= ASSIGNED TASK =
Give back the full data, retyped precisely.

[Stored data]
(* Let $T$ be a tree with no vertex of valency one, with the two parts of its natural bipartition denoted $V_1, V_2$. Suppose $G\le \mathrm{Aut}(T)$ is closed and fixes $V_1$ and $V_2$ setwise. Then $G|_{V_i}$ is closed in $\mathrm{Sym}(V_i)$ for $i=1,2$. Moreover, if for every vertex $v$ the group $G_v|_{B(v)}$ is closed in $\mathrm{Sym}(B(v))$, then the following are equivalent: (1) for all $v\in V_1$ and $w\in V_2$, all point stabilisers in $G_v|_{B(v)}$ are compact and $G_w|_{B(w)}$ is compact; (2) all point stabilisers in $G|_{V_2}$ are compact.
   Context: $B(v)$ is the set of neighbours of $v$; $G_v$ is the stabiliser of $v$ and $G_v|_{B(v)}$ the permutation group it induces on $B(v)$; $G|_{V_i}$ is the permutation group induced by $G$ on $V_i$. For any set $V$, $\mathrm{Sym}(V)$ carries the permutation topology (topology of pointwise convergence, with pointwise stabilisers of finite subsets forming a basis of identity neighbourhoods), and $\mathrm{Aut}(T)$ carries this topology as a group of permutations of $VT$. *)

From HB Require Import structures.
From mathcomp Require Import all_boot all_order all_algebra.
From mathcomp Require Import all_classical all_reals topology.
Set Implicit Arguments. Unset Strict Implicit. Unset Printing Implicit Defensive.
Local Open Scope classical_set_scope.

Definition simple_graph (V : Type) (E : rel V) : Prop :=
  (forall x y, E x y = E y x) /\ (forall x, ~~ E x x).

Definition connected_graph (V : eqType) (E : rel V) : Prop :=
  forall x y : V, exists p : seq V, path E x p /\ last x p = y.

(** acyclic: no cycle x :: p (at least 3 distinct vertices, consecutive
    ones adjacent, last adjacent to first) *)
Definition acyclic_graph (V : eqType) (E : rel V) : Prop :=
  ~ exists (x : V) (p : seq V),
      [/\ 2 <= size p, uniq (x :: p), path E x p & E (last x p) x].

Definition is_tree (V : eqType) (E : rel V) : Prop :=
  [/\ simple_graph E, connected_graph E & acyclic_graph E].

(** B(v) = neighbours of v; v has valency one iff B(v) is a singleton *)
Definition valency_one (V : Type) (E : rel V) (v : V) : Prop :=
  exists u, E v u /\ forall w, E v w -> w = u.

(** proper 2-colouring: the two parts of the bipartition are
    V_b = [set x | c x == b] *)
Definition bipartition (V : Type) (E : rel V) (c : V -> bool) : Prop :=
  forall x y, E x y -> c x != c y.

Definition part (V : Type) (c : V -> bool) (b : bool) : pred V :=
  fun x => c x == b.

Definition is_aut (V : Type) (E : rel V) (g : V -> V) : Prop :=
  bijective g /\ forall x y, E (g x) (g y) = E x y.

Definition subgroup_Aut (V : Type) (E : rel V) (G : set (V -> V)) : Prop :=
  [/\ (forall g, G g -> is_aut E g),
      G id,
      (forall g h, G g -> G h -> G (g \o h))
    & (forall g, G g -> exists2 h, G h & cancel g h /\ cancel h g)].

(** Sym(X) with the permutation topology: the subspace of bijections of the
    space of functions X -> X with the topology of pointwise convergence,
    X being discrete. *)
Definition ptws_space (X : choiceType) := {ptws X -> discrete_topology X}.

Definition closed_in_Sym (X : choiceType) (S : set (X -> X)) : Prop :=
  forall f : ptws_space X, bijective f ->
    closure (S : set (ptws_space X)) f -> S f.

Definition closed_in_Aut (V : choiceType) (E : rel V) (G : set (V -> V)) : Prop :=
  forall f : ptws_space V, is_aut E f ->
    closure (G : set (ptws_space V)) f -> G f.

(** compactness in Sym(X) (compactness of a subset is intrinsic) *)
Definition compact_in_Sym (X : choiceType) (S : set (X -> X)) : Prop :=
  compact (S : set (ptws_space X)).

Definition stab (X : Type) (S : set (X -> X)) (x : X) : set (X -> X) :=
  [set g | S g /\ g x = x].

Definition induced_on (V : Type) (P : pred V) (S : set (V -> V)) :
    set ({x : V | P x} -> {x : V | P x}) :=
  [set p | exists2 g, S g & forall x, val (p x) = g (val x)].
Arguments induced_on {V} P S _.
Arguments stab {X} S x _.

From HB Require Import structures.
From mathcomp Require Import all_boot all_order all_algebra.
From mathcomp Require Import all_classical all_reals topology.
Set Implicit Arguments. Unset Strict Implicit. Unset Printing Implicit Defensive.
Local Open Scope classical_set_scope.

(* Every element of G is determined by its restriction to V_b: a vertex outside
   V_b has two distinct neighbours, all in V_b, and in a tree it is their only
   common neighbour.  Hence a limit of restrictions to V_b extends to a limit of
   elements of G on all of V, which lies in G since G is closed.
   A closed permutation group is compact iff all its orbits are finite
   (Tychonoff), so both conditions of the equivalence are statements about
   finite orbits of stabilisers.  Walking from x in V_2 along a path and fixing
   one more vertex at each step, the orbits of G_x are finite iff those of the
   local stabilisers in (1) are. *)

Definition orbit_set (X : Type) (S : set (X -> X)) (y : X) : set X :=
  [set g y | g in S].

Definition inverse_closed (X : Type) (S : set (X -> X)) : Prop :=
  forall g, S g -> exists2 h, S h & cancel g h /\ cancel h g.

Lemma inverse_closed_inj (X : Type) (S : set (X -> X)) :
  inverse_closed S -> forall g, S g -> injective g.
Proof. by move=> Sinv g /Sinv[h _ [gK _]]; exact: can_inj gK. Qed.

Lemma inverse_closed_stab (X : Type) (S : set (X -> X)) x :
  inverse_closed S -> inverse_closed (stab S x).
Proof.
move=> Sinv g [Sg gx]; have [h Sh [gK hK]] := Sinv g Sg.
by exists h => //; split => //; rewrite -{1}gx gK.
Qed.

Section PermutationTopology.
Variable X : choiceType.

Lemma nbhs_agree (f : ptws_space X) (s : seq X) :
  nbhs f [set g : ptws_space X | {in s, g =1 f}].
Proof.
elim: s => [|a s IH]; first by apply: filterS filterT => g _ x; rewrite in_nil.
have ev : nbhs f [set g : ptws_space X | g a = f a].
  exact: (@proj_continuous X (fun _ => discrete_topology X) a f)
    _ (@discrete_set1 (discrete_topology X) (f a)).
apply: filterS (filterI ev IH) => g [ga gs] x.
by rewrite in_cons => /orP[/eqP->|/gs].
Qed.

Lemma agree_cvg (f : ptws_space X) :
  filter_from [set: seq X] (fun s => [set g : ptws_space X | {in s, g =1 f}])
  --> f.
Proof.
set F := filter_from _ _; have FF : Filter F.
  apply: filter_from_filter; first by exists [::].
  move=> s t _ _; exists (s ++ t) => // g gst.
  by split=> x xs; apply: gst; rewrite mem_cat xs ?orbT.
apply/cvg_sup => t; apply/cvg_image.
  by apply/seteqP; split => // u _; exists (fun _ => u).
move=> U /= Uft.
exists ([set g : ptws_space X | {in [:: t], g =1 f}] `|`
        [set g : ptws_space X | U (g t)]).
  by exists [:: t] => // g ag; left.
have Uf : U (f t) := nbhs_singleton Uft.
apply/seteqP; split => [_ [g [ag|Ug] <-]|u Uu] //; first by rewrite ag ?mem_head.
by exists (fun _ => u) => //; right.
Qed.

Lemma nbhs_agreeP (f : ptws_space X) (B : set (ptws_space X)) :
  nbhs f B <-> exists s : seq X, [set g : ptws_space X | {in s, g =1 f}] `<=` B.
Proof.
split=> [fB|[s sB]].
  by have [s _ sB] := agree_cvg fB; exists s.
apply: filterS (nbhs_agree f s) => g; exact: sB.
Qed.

= REPLY TO THE EXERCISE =
(* Let $T$ be a tree with no vertex of valency one, with the two parts of its natural bipartition denoted $V_1, V_2$. Suppose $G\le \mathrm{Aut}(T)$ is closed and fixes $V_1$ and $V_2$ setwise. Then $G|_{V_i}$ is closed in $\mathrm{Sym}(V_i)$ for $i=1,2$. Moreover, if for every vertex $v$ the group $G_v|_{B(v)}$ is closed in $\mathrm{Sym}(B(v))$, then the following are equivalent: (1) for all $v\in V_1$ and $w\in V_2$, all point stabilisers in $G_v|_{B(v)}$ are compact and $G_w|_{B(w)}$ is compact; (2) all point stabilisers in $G|_{V_2}$ are compact.
   Context: $B(v)$ is the set of neighbours of $v$; $G_v$ is the stabiliser of $v$ and $G_v|_{B(v)}$ the permutation group it induces on $B(v)$; $G|_{V_i}$ is the permutation group induced by $G$ on $V_i$. For any set $V$, $\mathrm{Sym}(V)$ carries the permutation topology (topology of pointwise convergence, with pointwise stabilisers of finite subsets forming a basis of identity neighbourhoods), and $\mathrm{Aut}(T)$ carries this topology as a group of permutations of $VT$. *)

From HB Require Import structures.
From mathcomp Require Import all_boot all_order all_algebra.
From mathcomp Require Import all_classical all_reals topology.
Set Implicit Arguments. Unset Strict Implicit. Unset Printing Implicit Defensive.
Local Open Scope classical_set_scope.

Definition simple_graph (V : Type) (E : rel V) : Prop :=
  (forall x y, E x y = E y x) /\ (forall x, ~~ E x x).

Definition connected_graph (V : eqType) (E : rel V) : Prop :=
  forall x y : V, exists p : seq V, path E x p /\ last x p = y.

(** acyclic: no cycle x :: p (at least 3 distinct vertices, consecutive
    ones adjacent, last adjacent to first) *)
Definition acyclic_graph (V : eqType) (E : rel V) : Prop :=
  ~ exists (x : V) (p : seq V),
      [/\ 2 <= size p, uniq (x :: p), path E x p & E (last x p) x].

Definition is_tree (V : eqType) (E : rel V) : Prop :=
  [/\ simple_graph E, connected_graph E & acyclic_graph E].

(** B(v) = neighbours of v; v has valency one iff B(v) is a singleton *)
Definition valency_one (V : Type) (E : rel V) (v : V) : Prop :=
  exists u, E v u /\ forall w, E v w -> w = u.

(** proper 2-colouring: the two parts of the bipartition are
    V_b = [set x | c x == b] *)
Definition bipartition (V : Type) (E : rel V) (c : V -> bool) : Prop :=
  forall x y, E x y -> c x != c y.

Definition part (V : Type) (c : V -> bool) (b : bool) : pred V :=
  fun x => c x == b.

Definition is_aut (V : Type) (E : rel V) (g : V -> V) : Prop :=
  bijective g /\ forall x y, E (g x) (g y) = E x y.

Definition subgroup_Aut (V : Type) (E : rel V) (G : set (V -> V)) : Prop :=
  [/\ (forall g, G g -> is_aut E g),
      G id,
      (forall g h, G g -> G h -> G (g \o h))
    & (forall g, G g -> exists2 h, G h & cancel g h /\ cancel h g)].

(** Sym(X) with the permutation topology: the subspace of bijections of the
    space of functions X -> X with the topology of pointwise convergence,
    X being discrete. *)
Definition ptws_space (X : choiceType) := {ptws X -> discrete_topology X}.

Definition closed_in_Sym (X : choiceType) (S : set (X -> X)) : Prop :=
  forall f : ptws_space X, bijective f ->
    closure (S : set (ptws_space X)) f -> S f.

Definition closed_in_Aut (V : choiceType) (E : rel V) (G : set (V -> V)) : Prop :=
  forall f : ptws_space V, is_aut E f ->
    closure (G : set (ptws_space V)) f -> G f.

(** compactness in Sym(X) (compactness of a subset is intrinsic) *)
Definition compact_in_Sym (X : choiceType) (S : set (X -> X)) : Prop :=
  compact (S : set (ptws_space X)).

Definition stab (X : Type) (S : set (X -> X)) (x : X) : set (X -> X) :=
  [set g | S g /\ g x = x].

Definition induced_on (V : Type) (P : pred V) (S : set (V -> V)) :
    set ({x : V | P x} -> {x : V | P x}) :=
  [set p | exists2 g, S g & forall x, val (p x) = g (val x)].
Arguments induced_on {V} P S _.
Arguments stab {X} S x _.

From HB Require Import structures.
From mathcomp Require Import all_boot all_order all_algebra.
From mathcomp Require Import all_classical all_reals topology.
Set Implicit Arguments. Unset Strict Implicit. Unset Printing Implicit Defensive.
Local Open Scope classical_set_scope.

(* Every element of G is determined by its restriction to V_b: a vertex outside
   V_b has two distinct neighbours, all in V_b, and in a tree it is their only
   common neighbour.  Hence a limit of restrictions to V_b extends to a limit of
   elements of G on all of V, which lies in G since G is closed.
   A closed permutation group is compact iff all its orbits are finite
   (Tychonoff), so both conditions of the equivalence are statements about
   finite orbits of stabilisers.  Walking from x in V_2 along a path and fixing
   one more vertex at each step, the orbits of G_x are finite iff those of the
   local stabilisers in (1) are. *)

Definition orbit_set (X : Type) (S : set (X -> X)) (y : X) : set X :=
  [set g y | g in S].

Definition inverse_closed (X : Type) (S : set (X -> X)) : Prop :=
  forall g, S g -> exists2 h, S h & cancel g h /\ cancel h g.

Lemma inverse_closed_inj (X : Type) (S : set (X -> X)) :
  inverse_closed S -> forall g, S g -> injective g.
Proof. by move=> Sinv g /Sinv[h _ [gK _]]; exact: can_inj gK. Qed.

Lemma inverse_closed_stab (X : Type) (S : set (X -> X)) x :
  inverse_closed S -> inverse_closed (stab S x).
Proof.
move=> Sinv g [Sg gx]; have [h Sh [gK hK]] := Sinv g Sg.
by exists h => //; split => //; rewrite -{1}gx gK.
Qed.

Section PermutationTopology.
Variable X : choiceType.

Lemma nbhs_agree (f : ptws_space X) (s : seq X) :
  nbhs f [set g : ptws_space X | {in s, g =1 f}].
Proof.
elim: s => [|a s IH]; first by apply: filterS filterT => g _ x; rewrite in_nil.
have ev : nbhs f [set g : ptws_space X | g a = f a].
  exact: (@proj_continuous X (fun _ => discrete_topology X) a f)
    _ (@discrete_set1 (discrete_topology X) (f a)).
apply: filterS (filterI ev IH) => g [ga gs] x.
by rewrite in_cons => /orP[/eqP->|/gs].
Qed.

Lemma agree_cvg (f : ptws_space X) :
  filter_from [set: seq X] (fun s => [set g : ptws_space X | {in s, g =1 f}])
  --> f.
Proof.
set F := filter_from _ _; have FF : Filter F.
  apply: filter_from_filter; first by exists [::].
  move=> s t _ _; exists (s ++ t) => // g gst.
  by split=> x xs; apply: gst; rewrite mem_cat xs ?orbT.
apply/cvg_sup => t; apply/cvg_image.
  by apply/seteqP; split => // u _; exists (fun _ => u).
move=> U /= Uft.
exists ([set g : ptws_space X | {in [:: t], g =1 f}] `|`
        [set g : ptws_space X | U (g t)]).
  by exists [:: t] => // g ag; left.
have Uf : U (f t) := nbhs_singleton Uft.
apply/seteqP; split => [_ [g [ag|Ug] <-]|u Uu] //; first by rewrite ag ?mem_head.
by exists (fun _ => u) => //; right.
Qed.

Lemma nbhs_agreeP (f : ptws_space X) (B : set (ptws_space X)) :
  nbhs f B <-> exists s : seq X, [set g : ptws_space X | {in s, g =1 f}] `<=` B.
Proof.
split=> [fB|[s sB]].
  by have [s _ sB] := agree_cvg fB; exists s.
apply: filterS (nbhs_agree f s) => g; exact: sB.
Qed.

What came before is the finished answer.